- [THE TASK]: For each line of the data below, copy it if it holds the word "because".

(Collected data entries)
Content starts

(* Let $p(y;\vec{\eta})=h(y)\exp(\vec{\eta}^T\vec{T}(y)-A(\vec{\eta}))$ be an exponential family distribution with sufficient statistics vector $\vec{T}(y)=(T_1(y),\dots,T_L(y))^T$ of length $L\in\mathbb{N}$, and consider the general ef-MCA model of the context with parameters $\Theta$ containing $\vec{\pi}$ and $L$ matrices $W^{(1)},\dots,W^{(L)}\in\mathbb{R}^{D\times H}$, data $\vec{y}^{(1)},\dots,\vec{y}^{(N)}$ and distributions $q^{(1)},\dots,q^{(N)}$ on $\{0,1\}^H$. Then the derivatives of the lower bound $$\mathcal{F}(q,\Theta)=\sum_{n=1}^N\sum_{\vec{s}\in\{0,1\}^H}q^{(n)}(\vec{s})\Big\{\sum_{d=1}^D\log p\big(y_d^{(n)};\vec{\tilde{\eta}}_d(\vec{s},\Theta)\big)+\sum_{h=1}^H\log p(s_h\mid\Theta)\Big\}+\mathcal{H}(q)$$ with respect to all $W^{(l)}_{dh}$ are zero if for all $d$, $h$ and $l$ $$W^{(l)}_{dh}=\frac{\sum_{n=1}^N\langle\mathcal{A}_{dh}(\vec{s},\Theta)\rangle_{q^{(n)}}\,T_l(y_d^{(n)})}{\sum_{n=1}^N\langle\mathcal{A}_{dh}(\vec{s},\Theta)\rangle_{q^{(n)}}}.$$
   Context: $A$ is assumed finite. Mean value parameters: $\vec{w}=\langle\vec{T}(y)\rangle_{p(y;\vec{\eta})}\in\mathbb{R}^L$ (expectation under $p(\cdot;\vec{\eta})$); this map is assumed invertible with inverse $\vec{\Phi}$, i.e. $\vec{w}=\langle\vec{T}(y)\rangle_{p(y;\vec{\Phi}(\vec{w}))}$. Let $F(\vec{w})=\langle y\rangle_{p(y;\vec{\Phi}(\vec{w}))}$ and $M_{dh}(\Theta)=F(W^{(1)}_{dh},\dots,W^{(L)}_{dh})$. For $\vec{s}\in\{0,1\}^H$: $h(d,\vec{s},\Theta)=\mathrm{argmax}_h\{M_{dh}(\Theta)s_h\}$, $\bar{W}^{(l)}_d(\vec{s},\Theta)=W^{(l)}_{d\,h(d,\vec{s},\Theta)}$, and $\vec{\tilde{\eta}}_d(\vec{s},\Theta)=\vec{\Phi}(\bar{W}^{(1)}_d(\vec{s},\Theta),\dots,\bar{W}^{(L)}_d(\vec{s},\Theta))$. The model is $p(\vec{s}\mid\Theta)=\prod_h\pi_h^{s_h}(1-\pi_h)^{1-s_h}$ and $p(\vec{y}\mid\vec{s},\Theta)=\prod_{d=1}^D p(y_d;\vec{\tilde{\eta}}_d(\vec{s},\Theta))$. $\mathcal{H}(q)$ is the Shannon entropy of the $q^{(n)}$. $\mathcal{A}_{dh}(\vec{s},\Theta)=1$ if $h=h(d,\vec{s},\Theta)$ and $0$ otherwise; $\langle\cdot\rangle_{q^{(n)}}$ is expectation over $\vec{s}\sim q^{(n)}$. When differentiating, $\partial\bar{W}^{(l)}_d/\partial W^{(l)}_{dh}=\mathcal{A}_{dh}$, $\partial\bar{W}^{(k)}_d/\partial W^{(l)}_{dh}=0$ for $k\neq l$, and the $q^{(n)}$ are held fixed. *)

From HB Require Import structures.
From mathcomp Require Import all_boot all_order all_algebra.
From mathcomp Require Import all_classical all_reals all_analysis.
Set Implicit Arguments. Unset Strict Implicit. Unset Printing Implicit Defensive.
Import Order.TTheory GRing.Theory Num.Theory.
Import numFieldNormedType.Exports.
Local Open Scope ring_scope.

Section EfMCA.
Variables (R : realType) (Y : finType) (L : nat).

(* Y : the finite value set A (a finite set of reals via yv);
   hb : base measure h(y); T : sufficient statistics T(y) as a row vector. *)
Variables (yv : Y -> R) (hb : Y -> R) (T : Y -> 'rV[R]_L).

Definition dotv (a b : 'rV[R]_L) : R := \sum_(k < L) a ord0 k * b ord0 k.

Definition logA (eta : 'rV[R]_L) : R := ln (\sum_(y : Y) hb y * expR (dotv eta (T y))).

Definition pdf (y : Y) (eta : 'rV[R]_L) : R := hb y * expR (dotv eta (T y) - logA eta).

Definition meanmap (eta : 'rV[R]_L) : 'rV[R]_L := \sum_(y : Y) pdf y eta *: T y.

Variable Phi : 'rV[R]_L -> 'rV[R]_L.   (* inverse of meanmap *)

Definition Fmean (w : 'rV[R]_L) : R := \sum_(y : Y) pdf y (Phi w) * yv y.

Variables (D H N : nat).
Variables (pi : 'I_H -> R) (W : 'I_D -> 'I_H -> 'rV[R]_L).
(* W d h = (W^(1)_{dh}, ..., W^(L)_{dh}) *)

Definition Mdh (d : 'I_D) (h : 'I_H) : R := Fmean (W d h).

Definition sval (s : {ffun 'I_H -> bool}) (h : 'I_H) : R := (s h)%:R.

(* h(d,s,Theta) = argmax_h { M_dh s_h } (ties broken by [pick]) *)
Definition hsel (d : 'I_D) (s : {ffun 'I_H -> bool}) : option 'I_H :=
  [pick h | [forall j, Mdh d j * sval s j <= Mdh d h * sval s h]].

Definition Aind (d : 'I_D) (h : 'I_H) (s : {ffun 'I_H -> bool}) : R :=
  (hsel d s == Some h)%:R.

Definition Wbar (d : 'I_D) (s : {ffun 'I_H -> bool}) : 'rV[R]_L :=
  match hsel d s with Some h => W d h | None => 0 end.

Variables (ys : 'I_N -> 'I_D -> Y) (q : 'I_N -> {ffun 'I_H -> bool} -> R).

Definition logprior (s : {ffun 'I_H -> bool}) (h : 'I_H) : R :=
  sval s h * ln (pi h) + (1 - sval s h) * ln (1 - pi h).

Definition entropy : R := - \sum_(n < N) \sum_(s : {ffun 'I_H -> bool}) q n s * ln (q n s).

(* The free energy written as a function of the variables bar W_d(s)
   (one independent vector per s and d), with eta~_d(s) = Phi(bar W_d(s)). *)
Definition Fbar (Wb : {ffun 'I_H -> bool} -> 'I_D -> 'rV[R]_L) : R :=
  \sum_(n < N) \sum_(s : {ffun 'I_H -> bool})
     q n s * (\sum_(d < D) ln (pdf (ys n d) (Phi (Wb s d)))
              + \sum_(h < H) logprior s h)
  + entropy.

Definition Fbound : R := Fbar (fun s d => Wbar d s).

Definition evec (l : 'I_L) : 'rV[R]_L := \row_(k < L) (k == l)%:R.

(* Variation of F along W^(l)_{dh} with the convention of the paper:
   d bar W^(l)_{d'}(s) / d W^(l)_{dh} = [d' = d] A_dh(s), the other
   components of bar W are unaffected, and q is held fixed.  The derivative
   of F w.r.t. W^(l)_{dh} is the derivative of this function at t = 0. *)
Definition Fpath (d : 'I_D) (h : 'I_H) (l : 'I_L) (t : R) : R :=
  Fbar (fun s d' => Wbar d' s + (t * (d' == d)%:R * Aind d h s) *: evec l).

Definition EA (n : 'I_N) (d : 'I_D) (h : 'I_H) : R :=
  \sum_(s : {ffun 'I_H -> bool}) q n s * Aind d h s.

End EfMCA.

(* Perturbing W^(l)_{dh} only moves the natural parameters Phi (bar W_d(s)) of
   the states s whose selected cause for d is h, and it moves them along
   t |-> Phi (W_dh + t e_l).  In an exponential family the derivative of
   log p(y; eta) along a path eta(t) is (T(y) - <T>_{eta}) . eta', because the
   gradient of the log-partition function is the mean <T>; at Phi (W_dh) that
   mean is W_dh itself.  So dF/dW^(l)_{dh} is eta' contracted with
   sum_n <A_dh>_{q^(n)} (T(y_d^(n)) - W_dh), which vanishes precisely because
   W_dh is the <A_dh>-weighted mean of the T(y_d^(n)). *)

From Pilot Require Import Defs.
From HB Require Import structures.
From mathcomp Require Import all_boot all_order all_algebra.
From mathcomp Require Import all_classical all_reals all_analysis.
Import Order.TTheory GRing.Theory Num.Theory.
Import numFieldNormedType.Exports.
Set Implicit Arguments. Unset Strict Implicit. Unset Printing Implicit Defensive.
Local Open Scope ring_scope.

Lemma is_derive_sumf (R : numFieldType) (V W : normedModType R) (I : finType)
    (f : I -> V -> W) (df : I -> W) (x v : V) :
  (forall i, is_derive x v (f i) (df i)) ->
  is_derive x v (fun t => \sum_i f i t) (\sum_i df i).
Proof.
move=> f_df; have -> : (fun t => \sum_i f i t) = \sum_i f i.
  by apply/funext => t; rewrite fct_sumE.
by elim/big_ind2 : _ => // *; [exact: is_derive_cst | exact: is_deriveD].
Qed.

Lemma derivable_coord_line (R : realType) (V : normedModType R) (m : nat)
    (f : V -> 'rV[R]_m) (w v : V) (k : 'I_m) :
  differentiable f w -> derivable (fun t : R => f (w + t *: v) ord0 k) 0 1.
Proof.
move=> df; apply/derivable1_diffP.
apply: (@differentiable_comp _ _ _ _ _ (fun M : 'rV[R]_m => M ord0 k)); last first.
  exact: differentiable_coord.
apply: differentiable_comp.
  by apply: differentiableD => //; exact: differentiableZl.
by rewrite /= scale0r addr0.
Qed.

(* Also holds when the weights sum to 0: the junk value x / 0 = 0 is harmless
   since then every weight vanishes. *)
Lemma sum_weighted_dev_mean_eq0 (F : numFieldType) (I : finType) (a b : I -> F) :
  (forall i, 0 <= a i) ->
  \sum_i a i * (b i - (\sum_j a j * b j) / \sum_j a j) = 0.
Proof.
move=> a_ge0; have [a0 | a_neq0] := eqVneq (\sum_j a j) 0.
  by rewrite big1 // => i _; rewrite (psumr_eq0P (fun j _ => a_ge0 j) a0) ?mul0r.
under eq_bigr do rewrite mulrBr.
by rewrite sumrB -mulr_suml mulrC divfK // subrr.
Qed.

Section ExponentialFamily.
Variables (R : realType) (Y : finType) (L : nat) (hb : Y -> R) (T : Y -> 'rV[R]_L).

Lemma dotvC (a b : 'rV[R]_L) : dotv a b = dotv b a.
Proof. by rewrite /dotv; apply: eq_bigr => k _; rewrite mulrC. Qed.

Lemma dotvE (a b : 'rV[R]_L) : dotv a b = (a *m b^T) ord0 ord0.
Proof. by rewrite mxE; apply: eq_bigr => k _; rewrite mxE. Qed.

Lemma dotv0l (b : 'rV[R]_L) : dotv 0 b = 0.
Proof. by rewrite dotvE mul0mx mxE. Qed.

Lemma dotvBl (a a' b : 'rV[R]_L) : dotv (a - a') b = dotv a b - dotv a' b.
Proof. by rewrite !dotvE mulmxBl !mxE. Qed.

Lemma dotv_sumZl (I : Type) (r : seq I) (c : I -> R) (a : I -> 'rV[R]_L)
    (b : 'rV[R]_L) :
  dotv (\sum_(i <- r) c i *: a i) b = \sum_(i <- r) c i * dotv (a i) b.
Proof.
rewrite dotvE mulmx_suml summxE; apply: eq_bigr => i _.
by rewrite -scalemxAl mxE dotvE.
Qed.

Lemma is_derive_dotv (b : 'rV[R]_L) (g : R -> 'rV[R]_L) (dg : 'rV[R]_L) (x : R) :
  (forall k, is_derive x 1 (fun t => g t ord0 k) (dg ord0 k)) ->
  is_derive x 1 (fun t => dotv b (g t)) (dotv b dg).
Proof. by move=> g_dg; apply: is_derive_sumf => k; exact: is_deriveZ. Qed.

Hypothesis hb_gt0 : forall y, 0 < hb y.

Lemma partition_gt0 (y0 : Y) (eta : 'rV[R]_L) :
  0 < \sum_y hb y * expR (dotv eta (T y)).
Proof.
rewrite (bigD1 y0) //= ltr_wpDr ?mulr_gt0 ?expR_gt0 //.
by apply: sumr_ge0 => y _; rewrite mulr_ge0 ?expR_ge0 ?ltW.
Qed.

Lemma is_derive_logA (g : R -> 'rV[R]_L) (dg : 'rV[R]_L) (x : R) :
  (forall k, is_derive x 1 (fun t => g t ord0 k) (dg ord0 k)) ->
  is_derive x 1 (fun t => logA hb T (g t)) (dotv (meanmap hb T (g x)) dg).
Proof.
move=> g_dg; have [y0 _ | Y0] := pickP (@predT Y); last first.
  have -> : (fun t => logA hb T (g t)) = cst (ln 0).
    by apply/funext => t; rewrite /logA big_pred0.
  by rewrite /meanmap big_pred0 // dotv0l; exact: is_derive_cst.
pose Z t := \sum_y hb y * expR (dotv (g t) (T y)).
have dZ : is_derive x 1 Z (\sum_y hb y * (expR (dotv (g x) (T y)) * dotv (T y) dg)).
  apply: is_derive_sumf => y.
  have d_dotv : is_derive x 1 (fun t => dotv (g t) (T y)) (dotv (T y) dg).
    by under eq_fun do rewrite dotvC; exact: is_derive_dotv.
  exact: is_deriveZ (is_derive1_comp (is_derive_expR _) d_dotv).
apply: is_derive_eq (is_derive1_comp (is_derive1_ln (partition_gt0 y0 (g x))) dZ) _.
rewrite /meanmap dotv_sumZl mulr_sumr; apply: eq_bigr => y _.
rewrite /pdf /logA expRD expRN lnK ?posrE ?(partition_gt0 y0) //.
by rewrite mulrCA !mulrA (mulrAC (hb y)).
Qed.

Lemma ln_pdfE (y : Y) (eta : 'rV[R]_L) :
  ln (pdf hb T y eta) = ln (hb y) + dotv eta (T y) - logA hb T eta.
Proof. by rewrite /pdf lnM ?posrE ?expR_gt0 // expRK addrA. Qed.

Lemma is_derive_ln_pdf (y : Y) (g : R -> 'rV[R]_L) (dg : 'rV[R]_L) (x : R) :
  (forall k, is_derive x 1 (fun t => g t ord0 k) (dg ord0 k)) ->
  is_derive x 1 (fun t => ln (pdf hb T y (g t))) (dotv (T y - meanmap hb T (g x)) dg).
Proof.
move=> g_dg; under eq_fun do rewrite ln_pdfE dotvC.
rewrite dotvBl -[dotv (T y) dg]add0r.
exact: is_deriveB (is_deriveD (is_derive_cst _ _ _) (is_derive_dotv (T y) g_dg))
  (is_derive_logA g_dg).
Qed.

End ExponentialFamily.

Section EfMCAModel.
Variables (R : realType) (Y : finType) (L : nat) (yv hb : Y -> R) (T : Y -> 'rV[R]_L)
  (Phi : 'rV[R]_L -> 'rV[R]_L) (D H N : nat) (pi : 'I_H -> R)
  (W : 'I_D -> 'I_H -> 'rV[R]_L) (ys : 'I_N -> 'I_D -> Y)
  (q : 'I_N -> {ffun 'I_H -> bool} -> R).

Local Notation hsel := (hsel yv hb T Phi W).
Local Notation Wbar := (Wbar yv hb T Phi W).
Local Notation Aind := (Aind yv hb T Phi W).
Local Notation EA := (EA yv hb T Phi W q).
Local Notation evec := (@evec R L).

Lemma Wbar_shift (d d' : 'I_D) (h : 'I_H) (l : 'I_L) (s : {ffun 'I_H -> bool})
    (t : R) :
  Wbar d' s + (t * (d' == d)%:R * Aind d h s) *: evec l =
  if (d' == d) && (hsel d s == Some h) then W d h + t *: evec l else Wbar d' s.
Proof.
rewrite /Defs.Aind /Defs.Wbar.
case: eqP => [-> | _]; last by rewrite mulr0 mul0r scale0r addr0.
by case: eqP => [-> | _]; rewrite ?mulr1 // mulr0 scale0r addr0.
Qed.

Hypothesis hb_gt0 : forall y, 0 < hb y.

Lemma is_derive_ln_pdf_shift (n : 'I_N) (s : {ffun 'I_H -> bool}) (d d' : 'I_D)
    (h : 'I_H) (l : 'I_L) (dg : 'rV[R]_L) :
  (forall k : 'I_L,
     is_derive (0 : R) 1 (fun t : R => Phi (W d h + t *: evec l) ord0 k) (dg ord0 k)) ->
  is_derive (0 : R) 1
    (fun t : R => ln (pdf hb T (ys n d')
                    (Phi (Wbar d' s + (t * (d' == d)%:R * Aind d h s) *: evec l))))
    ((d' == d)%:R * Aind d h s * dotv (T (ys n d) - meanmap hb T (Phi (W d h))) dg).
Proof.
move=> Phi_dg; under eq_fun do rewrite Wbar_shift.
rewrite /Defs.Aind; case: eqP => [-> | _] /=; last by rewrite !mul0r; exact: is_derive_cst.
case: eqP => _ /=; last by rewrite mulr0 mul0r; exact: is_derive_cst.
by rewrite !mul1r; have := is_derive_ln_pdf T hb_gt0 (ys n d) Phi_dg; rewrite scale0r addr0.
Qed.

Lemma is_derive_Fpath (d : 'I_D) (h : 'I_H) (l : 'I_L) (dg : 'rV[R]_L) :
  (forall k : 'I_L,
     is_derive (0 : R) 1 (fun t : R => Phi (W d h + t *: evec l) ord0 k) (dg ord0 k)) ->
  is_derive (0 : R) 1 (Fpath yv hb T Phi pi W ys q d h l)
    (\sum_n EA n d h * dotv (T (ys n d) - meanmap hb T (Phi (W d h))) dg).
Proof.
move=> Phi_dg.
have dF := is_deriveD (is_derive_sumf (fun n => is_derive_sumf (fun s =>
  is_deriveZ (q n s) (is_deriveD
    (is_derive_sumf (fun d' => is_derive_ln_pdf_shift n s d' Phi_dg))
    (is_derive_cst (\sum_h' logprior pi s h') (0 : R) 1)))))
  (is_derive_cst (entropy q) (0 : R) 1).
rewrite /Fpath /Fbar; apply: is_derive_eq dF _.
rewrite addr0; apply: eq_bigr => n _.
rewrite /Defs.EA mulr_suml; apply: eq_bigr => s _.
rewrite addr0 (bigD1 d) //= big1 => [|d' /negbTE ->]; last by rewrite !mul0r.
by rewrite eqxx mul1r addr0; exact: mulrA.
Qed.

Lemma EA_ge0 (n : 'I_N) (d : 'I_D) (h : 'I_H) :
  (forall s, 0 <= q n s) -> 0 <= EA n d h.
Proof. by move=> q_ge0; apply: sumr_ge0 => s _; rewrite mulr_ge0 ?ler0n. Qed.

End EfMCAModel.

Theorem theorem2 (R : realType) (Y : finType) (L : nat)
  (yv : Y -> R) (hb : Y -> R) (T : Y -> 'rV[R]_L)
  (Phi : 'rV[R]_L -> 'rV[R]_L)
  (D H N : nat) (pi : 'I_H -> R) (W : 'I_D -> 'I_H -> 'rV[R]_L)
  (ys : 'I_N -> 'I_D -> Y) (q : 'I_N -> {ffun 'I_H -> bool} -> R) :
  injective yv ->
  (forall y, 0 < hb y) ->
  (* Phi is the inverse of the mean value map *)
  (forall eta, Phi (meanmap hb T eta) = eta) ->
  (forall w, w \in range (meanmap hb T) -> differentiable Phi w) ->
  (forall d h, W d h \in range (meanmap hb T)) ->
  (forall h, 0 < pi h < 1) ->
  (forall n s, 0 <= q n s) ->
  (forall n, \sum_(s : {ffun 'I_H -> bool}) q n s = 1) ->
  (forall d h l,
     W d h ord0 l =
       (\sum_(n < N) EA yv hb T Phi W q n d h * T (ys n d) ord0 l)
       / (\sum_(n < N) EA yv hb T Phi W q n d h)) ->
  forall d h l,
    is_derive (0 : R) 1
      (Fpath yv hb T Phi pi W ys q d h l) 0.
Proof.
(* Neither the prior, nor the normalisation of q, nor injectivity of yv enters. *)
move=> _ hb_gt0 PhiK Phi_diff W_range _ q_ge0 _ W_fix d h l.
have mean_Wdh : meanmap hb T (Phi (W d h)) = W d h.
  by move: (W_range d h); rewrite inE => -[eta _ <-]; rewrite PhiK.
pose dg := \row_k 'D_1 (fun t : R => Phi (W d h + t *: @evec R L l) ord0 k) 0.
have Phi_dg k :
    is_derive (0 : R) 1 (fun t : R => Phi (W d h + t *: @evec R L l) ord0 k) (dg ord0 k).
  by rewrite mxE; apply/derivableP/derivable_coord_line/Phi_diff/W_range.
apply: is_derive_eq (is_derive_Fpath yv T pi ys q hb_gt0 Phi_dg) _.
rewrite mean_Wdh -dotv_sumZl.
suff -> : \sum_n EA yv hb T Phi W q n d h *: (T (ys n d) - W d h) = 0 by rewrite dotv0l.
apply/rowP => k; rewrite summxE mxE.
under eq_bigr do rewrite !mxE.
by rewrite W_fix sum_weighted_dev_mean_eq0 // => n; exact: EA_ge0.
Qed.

Content ends
Content starts

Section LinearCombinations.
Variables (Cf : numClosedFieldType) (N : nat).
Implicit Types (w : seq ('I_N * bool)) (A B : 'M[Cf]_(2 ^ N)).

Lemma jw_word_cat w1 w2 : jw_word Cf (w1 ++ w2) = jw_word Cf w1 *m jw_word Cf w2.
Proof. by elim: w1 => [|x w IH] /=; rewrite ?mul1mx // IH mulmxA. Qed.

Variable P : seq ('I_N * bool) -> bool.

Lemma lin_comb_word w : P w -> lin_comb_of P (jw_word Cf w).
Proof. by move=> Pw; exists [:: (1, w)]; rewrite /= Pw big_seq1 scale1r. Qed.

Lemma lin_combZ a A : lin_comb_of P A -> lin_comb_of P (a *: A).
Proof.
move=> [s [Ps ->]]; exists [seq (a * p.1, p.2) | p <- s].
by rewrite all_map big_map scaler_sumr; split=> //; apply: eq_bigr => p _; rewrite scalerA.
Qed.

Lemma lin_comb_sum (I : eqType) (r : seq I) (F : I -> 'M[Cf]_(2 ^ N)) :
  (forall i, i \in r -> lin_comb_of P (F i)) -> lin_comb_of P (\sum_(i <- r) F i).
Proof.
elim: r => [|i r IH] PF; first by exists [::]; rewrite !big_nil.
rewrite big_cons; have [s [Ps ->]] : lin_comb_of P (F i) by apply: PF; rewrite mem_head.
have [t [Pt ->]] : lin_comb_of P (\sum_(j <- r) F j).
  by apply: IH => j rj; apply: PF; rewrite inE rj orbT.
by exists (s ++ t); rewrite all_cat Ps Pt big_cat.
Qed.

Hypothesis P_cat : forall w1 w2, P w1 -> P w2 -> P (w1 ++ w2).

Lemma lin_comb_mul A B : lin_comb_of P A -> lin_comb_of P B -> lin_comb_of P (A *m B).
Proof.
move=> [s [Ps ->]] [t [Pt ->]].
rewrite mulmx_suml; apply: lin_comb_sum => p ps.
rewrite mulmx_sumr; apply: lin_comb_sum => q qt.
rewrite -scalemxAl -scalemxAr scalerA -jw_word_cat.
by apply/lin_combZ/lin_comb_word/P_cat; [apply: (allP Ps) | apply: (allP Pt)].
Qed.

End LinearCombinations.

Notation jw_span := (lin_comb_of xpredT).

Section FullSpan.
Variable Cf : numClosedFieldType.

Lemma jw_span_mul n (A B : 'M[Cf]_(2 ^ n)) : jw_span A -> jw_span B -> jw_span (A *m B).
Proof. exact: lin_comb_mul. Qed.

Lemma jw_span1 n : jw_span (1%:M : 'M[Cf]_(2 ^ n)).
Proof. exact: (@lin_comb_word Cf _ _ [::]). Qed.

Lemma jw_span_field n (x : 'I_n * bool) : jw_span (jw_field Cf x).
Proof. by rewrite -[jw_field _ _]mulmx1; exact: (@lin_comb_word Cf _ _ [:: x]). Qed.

Content ends

- [EXERCISE ANSWER]:
   log p(y; eta) along a path eta(t) is (T(y) - <T>_{eta}) . eta', because the
   sum_n <A_dh>_{q^(n)} (T(y_d^(n)) - W_dh), which vanishes precisely because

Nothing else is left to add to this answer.